Thank you Phoebe, Jksd, roist, Sara, and Lady V for checking in on me. I do have some thoughts on the wisdom and thoughts you have shared with me.

But tonight I write because the anger of the WAW has reared its head again after many weeks of calm.
I do not have to see nor communicate with her often except in short passings for drop offs with d5.
I do hear tales of difficult interactions of WAW and d17. These have caused breakdowns and panic attacks for d17. I say the interactions may be triggers as d17 has now gone a whole week without a breakdown nor panic attack and curiously enough she has not been to see nor spent anytime with her mother.

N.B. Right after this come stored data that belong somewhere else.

(* Expected payoff E(q; r) of a focal responder using q when each of the other
   L-1 responders independently uses r.  f : 'I_(L-1) -> 'I_K is the profile of
   choices of the others (probability \prod_j r (f j)); if the focal player
   chooses c, it receives s c with probability 1/N_c, N_c = 1 + #{j | f j = c}. *)
Definition payoff (R : realType) (K L : nat) (s : 'I_K -> R)
    (q r : {ffun 'I_K -> R}) : R :=
  \sum_(c < K) \sum_(f : {ffun 'I_(L.-1) -> 'I_K})
     q c * (\prod_(j < L.-1) r (f j)) * (s c / (#|[set j | f j == c]|.+1)%:R).

Definition mixture (R : realType) (K : nat) (e : R) (p q : {ffun 'I_K -> R})
  : {ffun 'I_K -> R} := [ffun i => (1 - e) * p i + e * q i].

Definition is_ESS (R : realType) (K L : nat) (s : 'I_K -> R)
    (p : {ffun 'I_K -> R}) : Prop :=
  is_strategy p /\
  forall q : {ffun 'I_K -> R}, is_strategy q -> q <> p ->
    exists2 eb : R, 0 < eb & forall e : R, 0 < e -> e < eb ->
      payoff L s q (mixture e p q) < payoff L s p (mixture e p q).

From mathcomp Require Import all_boot all_order all_algebra.
From mathcomp Require Import reals.
From mathcomp Require Import ring lra.
From mathcomp Require Import boolp classical_sets topology normedtype derive.
Set Implicit Arguments. Unset Strict Implicit. Unset Printing Implicit Defensive.
Import Order.TTheory GRing.Theory Num.Theory.
Import numFieldNormedType.Exports.
Local Open Scope ring_scope.

(* A responder who picks proposer c, while each of the L - 1 others picks c
   with probability x, expects s_c * g(x), where g(x) = E[1/(1 + B)] for
   B ~ Bin(L - 1, x); equivalently g(x) = (1/L) * sum_(j < L) (1 - x)^j, which
   is strictly decreasing on [0, 1].  Payoffs are therefore linear in the focal
   strategy: E(q; r) = sum_c q_c s_c g(r_c).
   By the intermediate value theorem there is a level v > 0 such that the
   shares p_c solving s_c g(p_c) = v (clamped to [0, 1]) sum to one.  For
   q <> p and m = (1 - e) p + e q with 0 < e <= 1,
     E(p; m) - E(q; m) = sum_c (p_c - q_c) (s_c g(m_c) - v) > 0,
   because m_c lies strictly between p_c and q_c and g is decreasing.  So p is
   an ESS whose invasion barrier is 1, and any other ESS p' would be invaded by
   p: the mixture of p' with weight e of p is the mixture of p with weight
   1 - e of p'. *)

Section BinomialCount.
Variables (R : comNzRingType) (K n : nat) (r : 'I_K -> R) (c : 'I_K).

Definition hits (f : {ffun 'I_n -> 'I_K}) : nat := #|[set j | f j == c]|.

Lemma hits_lt (f : {ffun 'I_n -> 'I_K}) : (hits f < n.+1)%N.
Proof. by rewrite ltnS /hits -[leqRHS](card_ord n) max_card. Qed.

Lemma coef_binomial_pow (x y : R) (k : nat) : (k < n.+1)%N ->
  ((y%:P + x%:P * 'X) ^+ n)`_k = 'C(n, k)%:R * x ^+ k * y ^+ (n - k).
Proof.
move=> lt_kn; rewrite exprDn.
under eq_bigr => i _ do
  rewrite exprMn -!rmorphXn /= mulrA -rmorphM /= mul_polyC scalerMnl.
rewrite coef_sumMXn (big_pred1 (Ordinal lt_kn)) /=; last by move=> i; rewrite /= -val_eqE.
by rewrite -mulr_natl (mulrC (y ^+ _)) mulrA.
Qed.

Hypothesis sum_r : \sum_(i < K) r i = 1.

Lemma sum_prod_hits_poly :
  \sum_(f : {ffun 'I_n -> 'I_K}) (\prod_(j < n) r (f j)) *: 'X^(hits f)
    = ((1 - r c)%:P + (r c)%:P * 'X) ^+ n.
Proof.
have choice_poly : \sum_(d < K) (r d)%:P * 'X^(d == c) = (1 - r c)%:P + (r c)%:P * 'X.
  have sum_others : \sum_(d < K | d != c) r d = 1 - r c.
    by rewrite -sum_r [in RHS](bigD1 c) //= addrC addrK.
  rewrite (bigD1 c) //= eqxx expr1 addrC -sum_others rmorph_sum.
  by congr (_ + _); apply: eq_bigr => d /negbTE ->; rewrite expr0 mulr1.
rewrite -choice_poly -[n in _ ^+ n]card_ord -prodr_const bigA_distr_bigA /=.
apply: eq_bigr => f _; rewrite big_split /= -rmorph_prod prodrXr mul_polyC.
congr (_ *: 'X^_); rewrite /hits cardsE -sum1_card big_mkcond /=.
by apply: eq_bigr => j _; rewrite -[_ \in _]/(f j == c); case: (f j == c).
Qed.

Lemma sum_prod_hitsE (F : nat -> R) :
  \sum_(f : {ffun 'I_n -> 'I_K}) (\prod_(j < n) r (f j)) * F (hits f) =
  \sum_(k < n.+1) F k * ('C(n, k)%:R * r c ^+ k * (1 - r c) ^+ (n - k)).
Proof.
have hits_mass (k : 'I_n.+1) : \sum_(f | hits f == k) \prod_(j < n) r (f j) =
    'C(n, k)%:R * r c ^+ k * (1 - r c) ^+ (n - k).
  by rewrite -coef_binomial_pow // -sum_prod_hits_poly coef_sumMXn.
rewrite (eq_bigr (fun f => \sum_(k < n.+1 | hits f == k) (\prod_(j < n) r (f j)) * F k));
  last by move=> f _; rewrite (big_pred1 (Ordinal (hits_lt f))).
rewrite (exchange_big_dep xpredT) //=; apply: eq_bigr => k _.
by rewrite -mulr_suml hits_mass mulrC.
Qed.

End BinomialCount.

Section MeanShare.
Variable R : numFieldType.

Definition mean_share (n : nat) (x : R) : R :=
  (n.+1%:R)^-1 * \sum_(j < n.+1) (1 - x) ^+ j.

Lemma mean_share0 n : mean_share n 0 = 1.
Proof.
rewrite /mean_share subr0; under eq_bigr do rewrite expr1n.
by rewrite sumr_const card_ord mulVf ?pnatr_eq0.
Qed.

Lemma binomial_mean_inv_succ n x :
  \sum_(k < n.+1) (k.+1%:R)^-1 * ('C(n, k)%:R * x ^+ k * (1 - x) ^+ (n - k))
    = mean_share n x.
Proof.
have [->|x_neq0] := eqVneq x 0.
  rewrite mean_share0 big_ord_recl big1 => [|i _].
    by rewrite subr0 !expr0 expr1n bin0 !mulr1 invr1 addr0.
  by rewrite expr0n /= !mulr0 mul0r mulr0.
have n1_neq0 : (n.+1%:R : R) != 0 by rewrite pnatr_eq0.
apply: (mulfI (mulf_neq0 x_neq0 n1_neq0)).
rewrite /mean_share mulrA -[x * _ * _^-1]mulrA divff // mulr1.
have -> : x * \sum_(j < n.+1) (1 - x) ^+ j = 1 - (1 - x) ^+ n.+1.
  by rewrite -[RHS]opprB subrX1 addrAC subrr add0r mulNr opprK.
rewrite mulr_sumr.
have binom_step (k : 'I_n.+1) :
    x * n.+1%:R * ((k.+1%:R)^-1 * ('C(n, k)%:R * x ^+ k * (1 - x) ^+ (n - k)))
    = 'C(n.+1, k.+1)%:R * x ^+ k.+1 * (1 - x) ^+ (n - k).
  have k1_neq0 : (k.+1%:R : R) != 0 by rewrite pnatr_eq0.
  have -> : 'C(n.+1, k.+1)%:R = n.+1%:R * 'C(n, k)%:R / k.+1%:R :> R.
    by rewrite -natrM mul_bin_diag natrM mulrAC divff // mul1r.
  by rewrite exprS; field; rewrite addrC natr1.
under eq_bigr do rewrite binom_step.
have := exprDn (1 - x) x n.+1.
rewrite subrK expr1n big_ord_recl subn0 expr0 mulr1 bin0 mulr1n => expand.
rewrite [X in _ = X - _]expand addrAC subrr add0r; apply: eq_bigr => k _.
by rewrite lift0 subSS -mulr_natl; ring.
Qed.

End MeanShare.

Section MeanShareOrder.
Variable R : realFieldType.

Lemma mean_share_gt0 n (x : R) : x <= 1 -> 0 < mean_share n x.
Proof.
move=> x_le1; rewrite mulr_gt0 ?invr_gt0 ?ltr0Sn // big_ord_recl expr0.
rewrite (lt_le_trans ltr01) // lerDl sumr_ge0 // => i _.
by rewrite exprn_ge0 ?subr_ge0.
Qed.

Lemma mean_share_lt n (a b : R) : (0 < n)%N -> a < b -> b <= 1 ->
  mean_share n b < mean_share n a.
Proof.
case: n => // n _ lt_ab b_le1; rewrite ltr_pM2l ?invr_gt0 ?ltr0Sn //.
rewrite !big_ord_recl ltrD2l /= !expr1.
rewrite ltr_leD ?ltrD2l ?ltrN2 // ler_sum // => j _.
have le_ab := ltW lt_ab.
by rewrite lerXn2r ?nnegrE ?subr_ge0 ?lerD2l ?lerN2 // (le_trans le_ab).
Qed.

Lemma continuous_mean_share n : continuous (@mean_share R n).
Proof.
have -> : @mean_share R n = horner ((n.+1%:R)^-1%:P * \sum_(j < n.+1) (1 - 'X) ^+ j).
  apply: funext => x; rewrite hornerM hornerC horner_sum /mean_share.
  congr (_ * _); apply: eq_bigr => j _.
  by rewrite horner_exp hornerD hornerN hornerX hornerC.
exact: continuous_horner.
Qed.

End MeanShareOrder.

Section Level.
Variable R : realType.
Implicit Types (f psi : R -> R) (e v w x : R).

(* x solves f x = w in [0, 1], clamped to an endpoint when w is out of range. *)
Definition at_level f w x : Prop :=
  [/\ 0 <= x <= 1, x < 1 -> f x <= w & 0 < x -> w <= f x].

Lemma at_level_exists f w :
  {within `[0, 1], continuous f}%classic -> exists x, at_level f w x.
Proof.
move=> f_cont.
have [le_w_f1|lt_f1_w] := lerP w (f 1).
  by exists 1; split; rewrite ?ler01 ?lexx ?ltxx.
have [le_f0_w|lt_w_f0] := lerP (f 0) w.
  by exists 0; split; rewrite ?ler01 ?lexx ?ltxx.
have w_between : Num.min (f 0) (f 1) <= w <= Num.max (f 0) (f 1).
  by rewrite ge_min le_max (ltW lt_f1_w) (ltW lt_w_f0) orbT.
have [x] := IVT ler01 f_cont w_between.
by rewrite in_itv /= => x01 <-; exists x; split.
Qed.

Variable f : R -> R.
Hypothesis f_decr : {in `[0, 1] &, {homo f : x y /~ x < y}}.

Let in01 x : 0 <= x -> x <= 1 -> x \in `[0, 1].
Proof. by move=> x_ge0 x_le1; rewrite in_itv /= x_ge0. Qed.

Lemma at_level_top x : at_level f (f 1) x -> x = 1.
Proof.
case=> /andP[x_ge0 x_le1] f_le _; apply/le_anti; rewrite x_le1 /= leNgt.
apply/negP => x_lt1; have := f_le x_lt1.
by rewrite leNgt f_decr ?in01 ?ler01.
Qed.

Lemma at_level_bot w x : f 0 <= w -> at_level f w x -> x = 0.
Proof.
move=> f0_le [/andP[x_ge0 x_le1] _ f_ge]; apply/le_anti; rewrite x_ge0 andbT leNgt.
apply/negP => x_gt0; have := le_trans f0_le (f_ge x_gt0).
by rewrite leNgt f_decr ?in01 ?ler01.
Qed.

Variable psi : R -> R.
Hypothesis psi_level : forall w, at_level f w (psi w).

Let f_nincr := ltW_nhomo_in f_decr.

Lemma at_level_near_ub v e : 0 < e -> \forall w \near v, psi w < psi v + e.
Proof.
move=> e_gt0; have [/andP[x_ge0 x_le1] fx_le fx_ge] := psi_level v.
set x := psi v in x_ge0 x_le1 fx_le fx_ge *.
have [y_lt1|y_ge1] := ltP (x + e / 2) 1; last first.
  by near=> w; have [/andP[_ psiw_le1] _ _] := psi_level w; lra.
have fy_lt_v : f (x + e / 2) < v.
  by apply: lt_le_trans (fx_le _); rewrite ?f_decr ?in01; lra.
near=> w.
have fy_lt_w : f (x + e / 2) < w by near: w; apply: open_gt.
have [/andP[_ psiw_le1] _ fpsi_ge] := psi_level w.
have [psiw_lt|y_le_psiw] := ltP (psi w) (x + e / 2); first lra.
have : f (psi w) <= f (x + e / 2) by rewrite f_nincr ?in01; lra.
have : w <= f (psi w) by apply: fpsi_ge; lra.
lra.
Unshelve. all: by end_near.
Qed.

Well this blew up starting yesterday due to a decision I made. I had d5 Monday and Tuesday this week. Normally when I go to work WAW will have d5 during the day as she is a school teacher and out for summer break. D17 has mentioned how she missed her sister as her work and activities have left her with little time together. D17 had nothing going on on Tuesday so I decided that she could hang out with D5 while I was at work. I advised WAW that I would not be dropping d5 off Tuesday as I had made other arrangements. She promptly asked, did you take the day off in her sarcastic tone and look. For whatever reason this caught me off guard ( although it should not have) and in my desire not to get into a conversation or debate, I responded yeah.
Ugh....I knew right away as she mumbled under her breath and walked off that things would blow up somehow some way. frown

Well my daughters were excited to spend time together and had a blast. They sent me texts and photos all day of the fun they were having.
When I got home yesterday, d17 tells me her mother sent several odd texts and called several times. She wanted to know where I was and why I was not taking d17 to the doctor as she was not feeling well. D17 try to avoid the questions about where I was, but finally told her mother that I had stepped out for a moment.
I talked to d17 about why she felt she told her mother that. She said that her mom was being all weepy and woe is me and did not want to deal with her mother. I then discussed how she does not need to cover for me and if her mother grills her on what I am doing or where I am at then she can direct her to me.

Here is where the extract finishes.